Look, there’s not even a start here. Not a full idea. Just an appeal to start to come up with an idea.

What about special education? Therapy? Are there things that desperately must happen live?

But school is, perhaps, nine weeks away. And it should be remote. It probably will be remote. Time to get discussing remote pedagogy.

11 Comments leave one →
  1. merlinthevillageidiot permalink
    July 14, 2020 am31 7:46 am 7:46 am

    I would like to hear more about your no test idea and how that works for assessment and grades in a math class

    • Susan McAulay permalink
      July 14, 2020 am31 9:00 am 9:00 am

      Could Delta math be used as an assessment? What about an assessment via Google Meet where student does 2-3 questions showing his/her paper and how they are doing it? Though I am sure that would be time consuming.

      • July 14, 2020 am31 11:26 am 11:26 am

        I think some people do use Delta. I’m not a fan, but would be willing to be part of the conversation.

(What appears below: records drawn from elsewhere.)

Let formDl y1 y2 z : form (y1 + y2) z = form y1 z + form y2 z.
Proof. by rewrite /form !mulmxDr !mulmxDl addrACA. Qed.

Let formDr y z1 z2 : form y (z1 + z2) = form y z1 + form y z2.
Proof. by rewrite /form !mulmxDr !linearD /= addrACA. Qed.

Let form_polar y z : form y z + form z y = 0.
Proof.
have := outer_sum0 (y + z); rewrite -/(form _ _) formDl !formDr.
by rewrite [form y y]outer_sum0 [form z z]outer_sum0 add0r addr0.
Qed.

(* A nonzero p with p A x = p B x = 0 makes p A and p B multiples of one row
   f != 0, and p applied to outer_sum0 then gives (f y)((r1 C + r2 D) y)^T = 0. *)
Lemma orthogonal_comb_eq0 (x : 'cV_m) (k : 'I_m) (r1 r2 : F) :
  let s1 := (C *m x) k 0 in let s2 := (D *m x) k 0 in
  (s1 != 0) || (s2 != 0) -> (r1 != 0) || (r2 != 0) -> r1 * s1 + r2 * s2 = 0 ->
  r1 *: C + r2 *: D = 0.
Proof.
move=> s1 s2 s_neq0 r_neq0 rs0.
have Ax_Bx : s1 *: (A *m x) + s2 *: (B *m x) = 0.
  have := congr1 (mulmx^~ (delta_mx k (0 : 'I_1))) (outer_sum0 x).
  by rewrite /= mulmxDl !outer_mul_delta mul0mx.
have [p p_neq0 [pAx pBx]] := orthogonal_rV_exists2 m_gt1 s_neq0 Ax_Bx.
have pA_pB : s1 *: (p *m A) + s2 *: (p *m B) = 0.
  apply: mx_eq0_of_mulmx_cV => y.
  rewrite mulmxDl -!scalemxAl -!mulmxA !scalemxAr -mulmxDr.
  have := congr1 (mulmx^~ (delta_mx k (0 : 'I_1))) (form_polar x y).
  rewrite /= !mulmxDl !outer_mul_delta mul0mx => /(congr1 (mulmx p)).
  by rewrite mulmx0 !mulmxDr -!scalemxAr pAx pBx !scaler0 !add0r.
have [rhoA rhoB] := orthogonal_pair_decomp s_neq0 rs0 pA_pB.
set f := r1 *: (p *m A) + r2 *: (p *m B) in rhoA rhoB; clearbody f.
have rho_neq0 : r1 ^+ 2 + r2 ^+ 2 != 0.
  by rewrite paddr_eq0 ?sqr_ge0 // !sqrf_eq0 negb_and.
have f_neq0 : f != 0.
  apply: contra_neq p_neq0 => f0; apply: AB_free; apply/eqP; [move/eqP: rhoA | move/eqP: rhoB];
    by rewrite f0 scaler0 scalemx_eq0 (negbTE rho_neq0).
apply: (linear_form_product_eq0 f_neq0) => y.
have := congr1 (mulmx ((r1 ^+ 2 + r2 ^+ 2) *: p)) (outer_sum0 y).
rewrite mulmx0 mulmxDr !mulmxA -[_ *: p *m A]scalemxAl -[_ *: p *m B]scalemxAl rhoA rhoB => <-.
by rewrite mulmxDl -!scalemxAl linearD /= !linearZ /= mulmxDr -!scalemxAr.
Qed.

End OrthogonalPencils.

Lemma orthogonal_annihilators (F : realFieldType) m (A B C D : 'M[F]_m) :
  (1 < m)%N ->
  (forall p : 'rV_m, p *m A = 0 -> p *m B = 0 -> p = 0) ->
  (forall q : 'rV_m, q *m C = 0 -> q *m D = 0 -> q = 0) ->
  (forall y : 'cV_m, A *m y *m (C *m y)^T + B *m y *m (D *m y)^T = 0) ->
  exists r1 r2 s1 s2 : F, [/\ (r1 != 0) || (r2 != 0), (s1 != 0) || (s2 != 0),
     r1 * s1 + r2 * s2 = 0, s1 *: A + s2 *: B = 0 & r1 *: C + r2 *: D = 0].
Proof.
move=> m_gt1 AB_free CD_free outer_sum0.
have m_gt0 := ltnW m_gt1.
have [x /andP[]] := mulmx_neq0_common (free_pair_col_mx_neq0 m_gt0 AB_free)
  (free_pair_col_mx_neq0 m_gt0 CD_free).
rewrite !mul_col_mx => /col_mx_entry_neq0[i r_neq0] /col_mx_entry_neq0[k s_neq0].
have rs0 : (A *m x) i 0 * (C *m x) k 0 + (B *m x) i 0 * (D *m x) k 0 = 0.
  by have /matrixP/(_ i k) := outer_sum0 x; rewrite mxE !outerE => ->; rewrite mxE.
exists ((A *m x) i 0), ((B *m x) i 0), ((C *m x) k 0), ((D *m x) k 0); split => //.
  apply: (orthogonal_comb_eq0 m_gt1 CD_free _ r_neq0 s_neq0).
    move=> y; apply: trmx_inj.
    by rewrite trmx0 -[RHS](outer_sum0 y) linearD /= !trmx_mul !trmxK.
  by rewrite mulrC [_ * (B *m x) i 0]mulrC.
exact: orthogonal_comb_eq0 m_gt1 AB_free outer_sum0 _ _ _ _ s_neq0 r_neq0 rs0.
Qed.

Lemma rotation_factorization (F : rcfType) m (A B C D : 'M[F]_m) :
  (1 < m)%N ->
  (forall p : 'rV_m, p *m A = 0 -> p *m B = 0 -> p = 0) ->
  (forall q : 'rV_m, q *m C = 0 -> q *m D = 0 -> q = 0) ->
  (forall y : 'cV_m, A *m y *m (C *m y)^T + B *m y *m (D *m y)^T = 0) ->
  exists (u1 u2 : F) (N K : 'M[F]_m),
    [/\ u1 ^+ 2 + u2 ^+ 2 = 1, A = u1 *: N, B = u2 *: N, C = - u2 *: K & D = u1 *: K].
Proof.
move=> m_gt1 AB_free CD_free outer_sum0.
have [r1 [r2 [s1 [s2 [r_neq0 s_neq0 rs0 sAB0 rCD0]]]]] :=
  orthogonal_annihilators m_gt1 AB_free CD_free outer_sum0.
have rho_gt0 : 0 < r1 ^+ 2 + r2 ^+ 2.
  by rewrite lt_def paddr_eq0 ?sqr_ge0 // !sqrf_eq0 negb_and r_neq0 addr_ge0 ?sqr_ge0.
pose c := Num.sqrt (r1 ^+ 2 + r2 ^+ 2).
have c_neq0 : c != 0 by rewrite gt_eqF ?sqrtr_gt0.
pose u1 := r1 / c; pose u2 := r2 / c.
have u_unit : u1 ^+ 2 + u2 ^+ 2 = 1.
  by rewrite !expr_div_n -mulrDl sqr_sqrtr ?ltW // divff ?gt_eqF.
have u_neq0 : (u1 != 0) || (u2 != 0).
  apply: contra_eqT u_unit => /norP[/negbNE/eqP-> /negbNE/eqP->].
  by rewrite expr0n addr0 eq_sym oner_eq0.
have us0 : u1 * s1 + u2 * s2 = 0.
  by rewrite /u1 /u2 [r1 / c * _]mulrAC [r2 / c * _]mulrAC -mulrDl rs0 mul0r.
have uCD0 : u1 *: C + u2 *: D = 0.
  by rewrite /u1 /u2 ![_ / c]mulrC -!scalerA -scalerDr rCD0 scaler0.
have [eA eB] := orthogonal_pair_decomp s_neq0 us0 sAB0.
have uu0 : - u2 * u1 + u1 * u2 = 0 by rewrite mulNr mulrC addNr.
have [eC eD] := orthogonal_pair_decomp u_neq0 uu0 uCD0.
rewrite u_unit !scale1r in eA eB; rewrite sqrrN addrC u_unit !scale1r in eC eD.
by exists u1, u2, (u1 *: A + u2 *: B), (- u2 *: C + u1 *: D); split.
Qed.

    • July 14, 2020 am31 11:25 am 11:25 am

      For different courses I found different ways to assess kids’ learning. And then during the pandemic, many of us did.

      1. Frequent, repeatable quizzes. In skills classes, or straightforward content classes. One or two questions per quiz. Pass the quiz. Good. Don’t pass it, study, and come do it again, when you are ready. As a twist, I made passing 80% – you had to actually know it. Eventually, in theory, everyone passed everything.

      2. Graded assignments. In one class I would announce a week in advance, “Wednesday you will have a graded assignment” – I varied the numbers to make the assignments individual, but asked the same question. Allowed them to solicit help, but in the end they had to do their own work. That worked fine.

      3. Projects.

      4. Graded papers. This was cool. Like math lab reports, with a definite structure. I’ve gotten some great work. I made them revisable for increased grade (did this in an elective)

      • merlinthevillageidiot permalink
        July 14, 2020 pm31 6:19 pm 6:19 pm

        I’m looking for ideas to improve my algebra 2 class

  2. Arthur Goldstein permalink
    July 14, 2020 am31 8:25 am 8:25 am

    Thanks for writing this Jonathan. I’m not sure how many people are reading this, but you’ve become a very important voice. I’ll post it on social media.

  3. Stephen Lazar permalink
    July 16, 2020 am31 10:48 am 10:48 am

    All very good and important questions. These are the ones I’m looking forward to talking about and thinking more about. I don’t have answers. But for the first one, I would add a precursor question: should we group based on need/ability. Generally, I answer a strong no on that one (with the possible exception of math/language), but I’m not confident of anything I usually think I know in this situation.

    • July 17, 2020 am31 9:46 am 9:46 am

      Instead they have us scrambling in an exercise that ought to fall apart.

      We could instead be doing useful work that helps our students.

  4. Stephen Lazar permalink
    July 16, 2020 am31 10:50 am 10:50 am

    These are all great questions. I don’t have any good answers, but am looking forward to these discussions. I do have one more question to add as a precursor to your first question on groupings: should we be grouping students based on ability? Generally, my answer is a hard “no” (with the possible exception of math/language), but I’m not confident in anything I normally think I know in this new situation.